27. Retain the accounting of disclosures for the life of the record or five years after the disclosure is made, whichever is longer; and
28. Make the accounting of disclosures available to the person named in the record upon request, unless exempted or excluded under applicable regulations.
B. Data Quality and Integrity.
- Confirm to the greatest extent practicable, upon collection or creation of PII, the accuracy, relevance, timeliness, and completeness of that information;
- Collect PII directly from the individual to the greatest extent practicable;
- Check for, and correct as necessary, any inaccurate or outdated PII used by its programs or systems annually;
- Issue guidelines ensuring and maximizing the quality, utility, objectivity, and integrity of collected or disseminated information;
- Ensure that the individual or individual’s authorized representative validate PII during the collection process;
- Ensure that the individual or individual’s authorized representative revalidate annually the PII that was collected is still accurate; and
- Document processes to ensure the integrity of PII through existing security controls.

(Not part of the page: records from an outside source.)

(* Let $E_1,E_2,E_3,H$ be logically independent events with $H\ne\emptyset$, and let $\mathscr C_i=E_i|H$ ($i=1,2,3$), $\mathscr C_{ij}=(E_i|H)\wedge(E_j|H)$ ($1\le i<j\le3$), $\mathscr C_{123}=(E_1|H)\wedge(E_2|H)\wedge(E_3|H)$. Then an assessment $(x_1,x_2,x_3,x_{12},x_{13},x_{23},x_{123})$ on $\{\mathscr C_1,\mathscr C_2,\mathscr C_3,\mathscr C_{12},\mathscr C_{13},\mathscr C_{23},\mathscr C_{123}\}$ is coherent if and only if $(x_1,x_2,x_3)\in[0,1]^3$; $\max\{x_1+x_2-1,x_{13}+x_{23}-x_3,0\}\le x_{12}\le\min\{x_1,x_2\}$; $\max\{x_1+x_3-1,x_{12}+x_{23}-x_2,0\}\le x_{13}\le\min\{x_1,x_3\}$; $\max\{x_2+x_3-1,x_{12}+x_{13}-x_1,0\}\le x_{23}\le\min\{x_2,x_3\}$; $1-x_1-x_2-x_3+x_{12}+x_{13}+x_{23}\ge0$; $x_{123}\ge\max\{0,x_{12}+x_{13}-x_1,x_{12}+x_{23}-x_2,x_{13}+x_{23}-x_3\}$; $x_{123}\le\min\{x_{12},x_{13},x_{23},1-x_1-x_2-x_3+x_{12}+x_{13}+x_{23}\}$.
   Context: Events are identified with their indicators; $\bar E$ is the negation of $E$. For $H\ne\emptyset$ the conditional event $E|H$ is true if $EH$ is true, false if $\bar EH$ is true, void if $\bar H$ is true; with $P(E|H)=x$ it is identified with the random quantity $EH+x\bar H$, and a conditional random quantity $X|H$ with prevision $\mu$ with $XH+\mu\bar H$. Coherence (de Finetti): an assessment $(\mu_1,\dots,\mu_m)$ on $\{X_1|H_1,\dots,X_m|H_m\}$ is coherent iff for all real stakes $s_i$ the gain $G=\sum_is_iH_i(X_i-\mu_i)$, restricted to $H_1\vee\dots\vee H_m$, satisfies $\min G\le0\le\max G$. Logical independence: all conjunctions of the listed events or their negations are nonempty. Conjunction of conditional events $E_i|H_i$, $i\in\{1,\dots,n\}$: given prevision values $x_S$ for the sub-conjunctions $\mathscr C_S=\bigwedge_{i\in S}(E_i|H_i)$, $\emptyset\ne S\subsetneq\{1,\dots,n\}$ (with $x_{\{i\}}=P(E_i|H_i)$), $\mathscr C_{1\cdots n}$ equals $1$ if all $E_iH_i$ are true, $0$ if some $\bar E_iH_i$ is true, $x_S$ if $(\bigwedge_{i\in S}\bar H_i)(\bigwedge_{i\notin S}E_iH_i)$ is true, and its own prevision $x_{1\cdots n}$ if all $H_i$ are false. Here all $H_i=H$, $x_i=\mathbb P(\mathscr C_i)$, $x_{ij}=\mathbb P(\mathscr C_{ij})$, $x_{123}=\mathbb P(\mathscr C_{123})$. *)

From HB Require Import structures.
From mathcomp Require Import all_boot all_order all_algebra.
From mathcomp Require Import reals.
Set Implicit Arguments. Unset Strict Implicit. Unset Printing Implicit Defensive.
Import Order.TTheory GRing.Theory Num.Theory.
Local Open Scope ring_scope.

Section Defs.
Variables (R : realType) (T : Type).

(* Events are boolean predicates on a sample space T (identified with their
   indicators, b%:R). *)

(* Conditional event E|H with P(E|H) = x, as the random quantity EH + x(~H). *)
Definition cond_event (E H : T -> bool) (x : R) (w : T) : R :=
  if H w then (E w)%:R else x.

Definition conj2 (E1 E2 H : T -> bool) (x12 : R) (w : T) : R :=
  if H w then (E1 w && E2 w)%:R else x12.

(* Conjunction (E1|H) /\ (E2|H) /\ (E3|H) with prevision x123: 1 if E1E2E3H,
   0 if some ~Ei H, x123 if ~H (the cases x_S with S a proper nonempty subset
   cannot occur since all conditioning events equal H). *)
Definition conj3 (E1 E2 E3 H : T -> bool) (x123 : R) (w : T) : R :=
  if H w then [&& E1 w, E2 w & E3 w]%:R else x123.

(* de Finetti coherence of the assessment mu on the family of conditional
   random quantities X_i | H_i (i < m): for all real stakes s, the gain
   G = sum_i s_i H_i (X_i - mu_i), restricted to H_1 \/ ... \/ H_m,
   satisfies min G <= 0 <= max G (i.e. G takes a value <= 0 and a value
   >= 0 on H_1 \/ ... \/ H_m). *)
Definition gain m (X : 'I_m -> T -> R) (Hc : 'I_m -> T -> bool)
  (mu : 'I_m -> R) (s : 'I_m -> R) (w : T) : R :=
  \sum_(i < m) s i * ((Hc i w)%:R * (X i w - mu i)).

Definition coherent m (X : 'I_m -> T -> R) (Hc : 'I_m -> T -> bool)
  (mu : 'I_m -> R) : Prop :=
  forall s : 'I_m -> R,
    (exists2 w, [exists i, Hc i w] & gain X Hc mu s w <= 0) /\
    (exists2 w, [exists i, Hc i w] & 0 <= gain X Hc mu s w).

End Defs.

Definition fam7 (A : Type) (d a1 a2 a3 a4 a5 a6 a7 : A) (i : 'I_7) : A :=
  nth d [:: a1; a2; a3; a4; a5; a6; a7] i.

From HB Require Import structures.
From mathcomp Require Import all_boot all_order all_algebra.
From mathcomp Require Import reals ring lra.
Set Implicit Arguments. Unset Strict Implicit. Unset Printing Implicit Defensive.
Import Order.TTheory GRing.Theory Num.Theory.
Local Open Scope ring_scope.

(* On H, the seven random quantities C_1, C_2, C_3, C_12, C_13, C_23, C_123
   depend only on the "atom" (E1, E2, E3) in {0,1}^3, and take the value
   v(b) = (b1, b2, b3, b1b2, b1b3, b2b3, b1b2b3) on atom b.  Hence the gain
   of any bet is an affine function of the atom, and by logical independence
   every atom occurs inside H.  Coherence therefore says: for every stake s,
   the affine function b |-> sum_i s_i (v(b)_i - x_i) has a nonpositive and a
   nonnegative value on {0,1}^3.

   Moebius inversion attaches to x a weight p_b(x) for each atom (e.g.
   p_111 = x123, p_110 = x12 - x123, p_000 = 1 - x1 - x2 - x3 + x12 + x13
   + x23 - x123) such that sum_b p_b = 1 and sum_b p_b v(b) = x.  The
   indicator of atom b is itself the gain of a bet, so coherence forces
   p_b >= 0; conversely if all p_b >= 0 then every gain has p-mean zero and
   takes both signs.  Thus coherence is equivalent to the nonnegativity of
   the eight atom weights, which unfolds to the inequalities of the theorem. *)

Lemma mean_zero_has_le0 (R : realDomainType) (I : finType) (p g : I -> R) :
  (forall i, 0 <= p i) -> \sum_i p i = 1 -> \sum_i p i * g i = 0 ->
  exists i, g i <= 0.
Proof.
move=> p_ge0 p_sum1 pg_sum0.
case: (pickP (fun i => g i <= 0)) => [i gi_le0 | g_nle0]; first by exists i.
have g_gt0 i : 0 < g i by rewrite ltNge g_nle0.
case: (pickP (fun j => 0 < p j)) => [j pj_gt0 | p_ngt0].
  have : 0 < \sum_i p i * g i.
    rewrite (bigD1 j) //= ltr_pwDl ?mulr_gt0 ?sumr_ge0 // => i _.
    exact: mulr_ge0 (p_ge0 i) (ltW (g_gt0 i)).
  by rewrite pg_sum0 ltxx.
have p0 i : p i = 0 by apply/eqP; rewrite eq_le p_ge0 andbT leNgt p_ngt0.
by move: p_sum1; rewrite big1 // => /eqP; rewrite eq_sym oner_eq0.
Qed.

Lemma mean_zero_has_ge0 (R : realDomainType) (I : finType) (p g : I -> R) :
  (forall i, 0 <= p i) -> \sum_i p i = 1 -> \sum_i p i * g i = 0 ->
  exists i, 0 <= g i.
Proof.
move=> p_ge0 p_sum1 pg_sum0.
have [|i] := @mean_zero_has_le0 R I p (fun i => - g i) p_ge0 p_sum1.
  by under eq_bigr do rewrite mulrN; rewrite sumrN pg_sum0 oppr0.
by rewrite oppr_le0; exists i.
Qed.

Definition atom := (bool * bool * bool)%type.

Lemma sum_atom (R : zmodType) (F : atom -> R) : \sum_b F b =
  F (true, true, true) + F (true, true, false) + F (true, false, true)
  + F (true, false, false) + F (false, true, true) + F (false, true, false)
  + F (false, false, true) + F (false, false, false).
Proof.
have pairE (I J : finType) (G : I * J -> R) : \sum_p G p = \sum_i \sum_j G (i, j).
  by rewrite pair_bigA; apply: eq_bigr => -[].
by rewrite !pairE !big_bool /= !addrA.
Qed.

Section AtomWeights.
Variable R : realFieldType.

Definition vertex (b : atom) : 'I_7 -> R :=
  let: (b1, b2, b3) := b in
  fam7 0 b1%:R b2%:R b3%:R (b1 && b2)%:R (b1 && b3)%:R (b2 && b3)%:R
    [&& b1, b2 & b3]%:R.

Definition atom_gain (x s : 'I_7 -> R) (b : atom) : R :=
  \sum_(i < 7) s i * (vertex b i - x i).

(* Coefficients of the factor of the atom indicator in coordinate i. *)
Definition sgn (b : bool) : R := if b then 1 else -1.
Definition nb (b : bool) : R := (~~ b)%:R.

(* Expanding the indicator of atom b, prod_i (sgn b_i * e_i + nb b_i), as a
   constant plus a combination of e_i, e_i e_j and e_1 e_2 e_3. *)
Definition atom_const (b : atom) : R :=
  let: (b1, b2, b3) := b in nb b1 * nb b2 * nb b3.

Definition atom_stake (b : atom) : 'I_7 -> R :=
  let: (b1, b2, b3) := b in
  fam7 0 (sgn b1 * nb b2 * nb b3) (nb b1 * sgn b2 * nb b3)
    (nb b1 * nb b2 * sgn b3) (sgn b1 * sgn b2 * nb b3)
    (sgn b1 * nb b2 * sgn b3) (nb b1 * sgn b2 * sgn b3)
    (sgn b1 * sgn b2 * sgn b3).

(* The Moebius weight of atom b: the prevision of its indicator under x. *)
Definition atom_weight (x : 'I_7 -> R) (b : atom) : R :=
  atom_const b + \sum_i atom_stake b i * x i.

Lemma indicator_factor (b c : bool) : sgn b * c%:R + nb b = (c == b)%:R.
Proof. by case: b; case: c; rewrite /sgn /nb /=; ring. Qed.

Lemma atom_indicator (b b' : atom) :
  atom_const b + \sum_i atom_stake b i * vertex b' i = (b' == b)%:R.
Proof.
case: b => [[b1 b2] b3]; case: b' => [[c1 c2] c3].
rewrite !xpair_eqE -!mulnb !natrM -!indicator_factor.
rewrite !big_ord_recl big_ord0 /= /fam7 /=.
by case: c1; case: c2; case: c3 => /=; ring.
Qed.

Lemma atom_gain_stake (x : 'I_7 -> R) (b b' : atom) :
  atom_gain x (atom_stake b) b' = (b' == b)%:R - atom_weight x b.
Proof.
rewrite -atom_indicator /atom_gain /atom_weight.
under eq_bigr do rewrite mulrBr.
by rewrite sumrB; ring.
Qed.

Section Barycenter.
Variables x1 x2 x3 x12 x13 x23 x123 : R.
Local Notation x := (fam7 0 x1 x2 x3 x12 x13 x23 x123).

Lemma atom_weight_sum1 : \sum_b atom_weight x b = 1.
Proof.
by rewrite sum_atom /atom_weight !big_ord_recl big_ord0 /= /fam7 /sgn /nb /=; ring.
Qed.

Lemma atom_weight_mean (i : 'I_7) : \sum_b atom_weight x b * vertex b i = x i.
Proof.
rewrite sum_atom /atom_weight !big_ord_recl big_ord0.
by case: i => [[|[|[|[|[|[|[|//]]]]]]] ?]; rewrite /= /fam7 /sgn /nb /=; ring.
Qed.

Lemma atom_gain_mean0 (s : 'I_7 -> R) :
  \sum_b atom_weight x b * atom_gain x s b = 0.
Proof.
rewrite /atom_gain; under eq_bigr do rewrite big_distrr /=.
rewrite exchange_big big1 // => i _.
under eq_bigr do rewrite mulrCA mulrBr.
rewrite -mulr_sumr sumrB -mulr_suml atom_weight_mean atom_weight_sum1.
by rewrite mul1r subrr mulr0.
Qed.

Lemma atom_coherent_iff :
  (forall s, (exists b, atom_gain x s b <= 0) /\ (exists b, 0 <= atom_gain x s b))
  <-> (forall b, 0 <= atom_weight x b).
Proof.
split=> [coh b | w_ge0 s].
  have [[b' +] _] := coh (atom_stake b).
  by rewrite atom_gain_stake subr_le0; apply: le_trans.
split; [apply: mean_zero_has_le0 | apply: mean_zero_has_ge0];
  by [ | exact: atom_weight_sum1 | exact: atom_gain_mean0].
Qed.

End Barycenter.
End AtomWeights.
Arguments sgn {R} b.
Arguments nb {R} b.

Lemma atom_weights_ge0_iff (R : realFieldType) (x1 x2 x3 x12 x13 x23 x123 : R) :
  (forall b, 0 <= atom_weight (fam7 0 x1 x2 x3 x12 x13 x23 x123) b) <->
  ((0 <= x1 <= 1) /\ (0 <= x2 <= 1) /\ (0 <= x3 <= 1) /\
   (Num.max (Num.max (x1 + x2 - 1) (x13 + x23 - x3)) 0 <= x12 <= Num.min x1 x2) /\
   (Num.max (Num.max (x1 + x3 - 1) (x12 + x23 - x2)) 0 <= x13 <= Num.min x1 x3) /\
   (Num.max (Num.max (x2 + x3 - 1) (x12 + x13 - x1)) 0 <= x23 <= Num.min x2 x3) /\
   (0 <= 1 - x1 - x2 - x3 + x12 + x13 + x23) /\
   (Num.max (Num.max (Num.max 0 (x12 + x13 - x1)) (x12 + x23 - x2)) (x13 + x23 - x3)
      <= x123) /\
   (x123 <= Num.min (Num.min (Num.min x12 x13) x23)
               (1 - x1 - x2 - x3 + x12 + x13 + x23))).
Proof.
have weightE b : atom_weight (fam7 0 x1 x2 x3 x12 x13 x23 x123) b =
  let: (b1, b2, b3) := b in
  nb b1 * nb b2 * nb b3 + sgn b1 * nb b2 * nb b3 * x1
  + nb b1 * sgn b2 * nb b3 * x2 + nb b1 * nb b2 * sgn b3 * x3
  + sgn b1 * sgn b2 * nb b3 * x12 + sgn b1 * nb b2 * sgn b3 * x13
  + nb b1 * sgn b2 * sgn b3 * x23 + sgn b1 * sgn b2 * sgn b3 * x123.
  case: b => [[b1 b2] b3].
  by rewrite /atom_weight !big_ord_recl big_ord0 /= /fam7 /=; ring.
rewrite !ge_max !le_min; split=> [w_ge0 | conds [[b1 b2] b3]].
  have := w_ge0 (true, true, true); have := w_ge0 (true, true, false).
  have := w_ge0 (true, false, true); have := w_ge0 (true, false, false).
  have := w_ge0 (false, true, true); have := w_ge0 (false, true, false).
  have := w_ge0 (false, false, true); have := w_ge0 (false, false, false).
  rewrite !weightE /sgn /nb /= => *.
  by repeat split; repeat (apply/andP; split); lra.
(* the two bounds on x123 alone already make every weight nonnegative *)
move: conds => [_ [_ [_ [_ [_ [_ [_ [lo hi]]]]]]]].
move: lo hi => /andP[/andP[/andP[? ?] ?] ?] /andP[/andP[/andP[? ?] ?] ?].
by rewrite weightE /sgn /nb; case: b1; case: b2; case: b3 => /=; lra.
Qed.

Section Events.
Variables (R : realType) (T : Type) (E1 E2 E3 H : T -> bool).
Variables x1 x2 x3 x12 x13 x23 x123 : R.

Local Notation x := (fam7 0 x1 x2 x3 x12 x13 x23 x123).
Local Notation family := (fam7 (fun _ : T => 0 : R)
  (cond_event E1 H x1) (cond_event E2 H x2) (cond_event E3 H x3)
  (conj2 E1 E2 H x12) (conj2 E1 E3 H x13) (conj2 E2 E3 H x23)
  (conj3 E1 E2 E3 H x123)).

Definition atom_of (w : T) : atom := (E1 w, E2 w, E3 w).

Lemma gain_atom (s : 'I_7 -> R) (w : T) :
  H w -> gain family (fun _ => H) x s w = atom_gain x s (atom_of w).
Proof.
move=> Hw; apply: eq_bigr => i _; rewrite Hw mul1r.
by case: i => [[|[|[|[|[|[|[|//]]]]]]] ?];
  rewrite /= /fam7 /= /cond_event /conj2 /conj3 Hw.
Qed.

(* By logical independence every atom occurs inside H, so coherence reduces
   to a condition on the affine gains over the atoms. *)
Lemma coherent_atomsE
    (Hindep : forall b1 b2 b3 b4 : bool,
        exists w : T, [/\ E1 w = b1, E2 w = b2, E3 w = b3 & H w = b4]) :
  coherent family (fun _ => H) x <->
  (forall s, (exists b, atom_gain x s b <= 0) /\ (exists b, 0 <= atom_gain x s b)).
Proof.
have realized (b : atom) : exists2 w, H w & atom_of w = b.
  case: b => [[b1 b2] b3]; have [w [e1 e2 e3 Hw]] := Hindep b1 b2 b3 true.
  by exists w; rewrite // /atom_of e1 e2 e3.
have inH w : H w -> [exists i : 'I_7, H w] by move=> Hw; apply/existsP; exists ord0.
split=> [coh s | atoms s].
  have [[w /existsP[_ Hw] le0] [w' /existsP[_ Hw'] ge0]] := coh s.
  by split; [exists (atom_of w) | exists (atom_of w')]; rewrite -gain_atom.
have [[b le0] [b' ge0]] := atoms s.
have [w Hw wb] := realized b; have [w' Hw' wb'] := realized b'.
by split; [exists w | exists w']; rewrite ?inH // gain_atom ?wb ?wb'.
Qed.

End Events.

Theorem theorem21 (R : realType) (T : Type) (E1 E2 E3 H : T -> bool)
  (Hindep : forall b1 b2 b3 b4 : bool,
      exists w : T, [/\ E1 w = b1, E2 w = b2, E3 w = b3 & H w = b4])
  (Hne : exists w : T, H w)
  (x1 x2 x3 x12 x13 x23 x123 : R) :
  coherent
    (fam7 (fun _ : T => 0 : R)
       (cond_event E1 H x1) (cond_event E2 H x2) (cond_event E3 H x3)
       (conj2 E1 E2 H x12) (conj2 E1 E3 H x13) (conj2 E2 E3 H x23)
       (conj3 E1 E2 E3 H x123))
    (fun _ => H)
    (fam7 0 x1 x2 x3 x12 x13 x23 x123)
  <->
  ((0 <= x1 <= 1) /\ (0 <= x2 <= 1) /\ (0 <= x3 <= 1) /\
   (Num.max (Num.max (x1 + x2 - 1) (x13 + x23 - x3)) 0 <= x12 <= Num.min x1 x2) /\
   (Num.max (Num.max (x1 + x3 - 1) (x12 + x23 - x2)) 0 <= x13 <= Num.min x1 x3) /\
   (Num.max (Num.max (x2 + x3 - 1) (x12 + x13 - x1)) 0 <= x23 <= Num.min x2 x3) /\
   (0 <= 1 - x1 - x2 - x3 + x12 + x13 + x23) /\
   (Num.max (Num.max (Num.max 0 (x12 + x13 - x1)) (x12 + x23 - x2)) (x13 + x23 - x3)
      <= x123) /\
   (x123 <= Num.min (Num.min (Num.min x12 x13) x23)
               (1 - x1 - x2 - x3 + x12 + x13 + x23))).
Proof.
rewrite coherent_atomsE //.
rewrite -atom_weights_ge0_iff.
exact: atom_coherent_iff.
Qed.
Definition fa_integral (mu : set Omega -> R) (f : Omega -> R) : \bar R :=
  let u := fun n : nat =>
    (bint mu (fun x => Num.min (Num.max (f x) 0) n%:R
                       - Num.min (Num.max (- f x) 0) n%:R))%:E in
  if `[< cvgn u >] then limn u else +oo%E.

(* simple functions: finitely many values (all subsets are measurable) *)
Definition simple_fun (f : Omega -> R) := exists s : seq R, forall x, f x \in s.

Definition DS_integrable (mu : set Omega -> R) (f : Omega -> R) :=
  exists s : nat -> Omega -> R,
    [/\ (forall n, simple_fun (s n)),
        (forall eps : R, 0 < eps ->
           (fun n => mu [set x | eps < `|s n x - f x|]) @ \oo --> (0 : R)) &
        (forall eps : R, 0 < eps -> exists N : nat, forall n k : nat,
           (N <= n)%N -> (N <= k)%N -> bint mu (fun x => `|s n x - s k x|) <= eps)].

Definition P_order (ge : (Omega -> R) -> (Omega -> R) -> Prop) (mu : set Omega -> R) :=
  fa_probability mu /\ forall N : set Omega, ge (cst 0) \1_N -> mu N = 0.

Definition Gamma_order (ge : (Omega -> R) -> (Omega -> R) -> Prop) (G : set (Omega -> R)) :=
  [set f | G f /\ exists a : R, ge f (cst a)].

End Defs.

(* Necessity: if [f] is in [G] and [f >= 1], then [{f < 1/2}] is null for the
   order, so under any [m] in [P_order] every truncation of [f] has integral at
   least [1/2], hence so has [f].

   Sufficiency: [p h = inf {t | t + g >= h for some g in G or g = 0}] is
   sublinear on bounded functions, and [p h >= inf h] precisely because no
   element of [G] dominates [1].  A Hahn-Banach extension [phi <= p] of the zero
   functional is then positive with [phi 1 = 1], so [m A = phi 1_A] lies in
   [P_order] and integrates bounded functions to their [phi]-value.  For [f] in
   [G] with [f >= a], the clipped functions [max (min f n) (a - 1)] agree with
   the truncations of [f] off the null set [{f < a - 1}], are dominated by [f]
   (so have [phi]-value [<= 0]) and increase with [n]; their values give
   [int f dm <= 0], and their discretisations witness Dunford-Schwartz
   integrability. *)

From HB Require Import structures.
From mathcomp Require Import all_boot all_order all_algebra.
From mathcomp Require Import all_classical all_reals all_analysis.
From mathcomp Require Import ring lra zify.
Import Order.TTheory GRing.Theory Num.Theory.
Import numFieldNormedType.Exports.
Local Open Scope classical_set_scope.
Local Open Scope ring_scope.

Section StochasticOrder.
Context {R : realType} {Omega : Type} {ge : (Omega -> R) -> (Omega -> R) -> Prop}.
Hypothesis Hge : regular_stochastic_order ge.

C. Data Minimization and Retention.
- Identify the minimum PII elements that are relevant and necessary to accomplish the legally authorized purpose of collection;
- Limit the collection and retention of PII to the minimum elements identified for the purposes described in the SORN for which the individual has provided consent;
- Conduct an initial evaluation of PII holdings;
- Establish and follow a schedule for an annual review of those holdings to ensure that only PII identified in the notice is collected and retained, and that the PII continues to be necessary to accomplish the legally authorized purpose;
- Locate and remove or redact specified PII and use anonymization and re-identification techniques to permit use of the retained information while reducing its sensitivity and reducing the risk resulting from disclosure where feasible and within the limits of technology;
- Retain each collection of PII in accordance with a National Archives and Records Administration (NARA)-approved record retention schedule to fulfill the purpose(s) identified in the notice or as required by law;
- Dispose of, destroy, erase, and anonymize the PII, regardless of the method of storage, in accordance with a NARA-approved record retention schedule and in a manner that prevents loss, theft, misuse, or unauthorized access.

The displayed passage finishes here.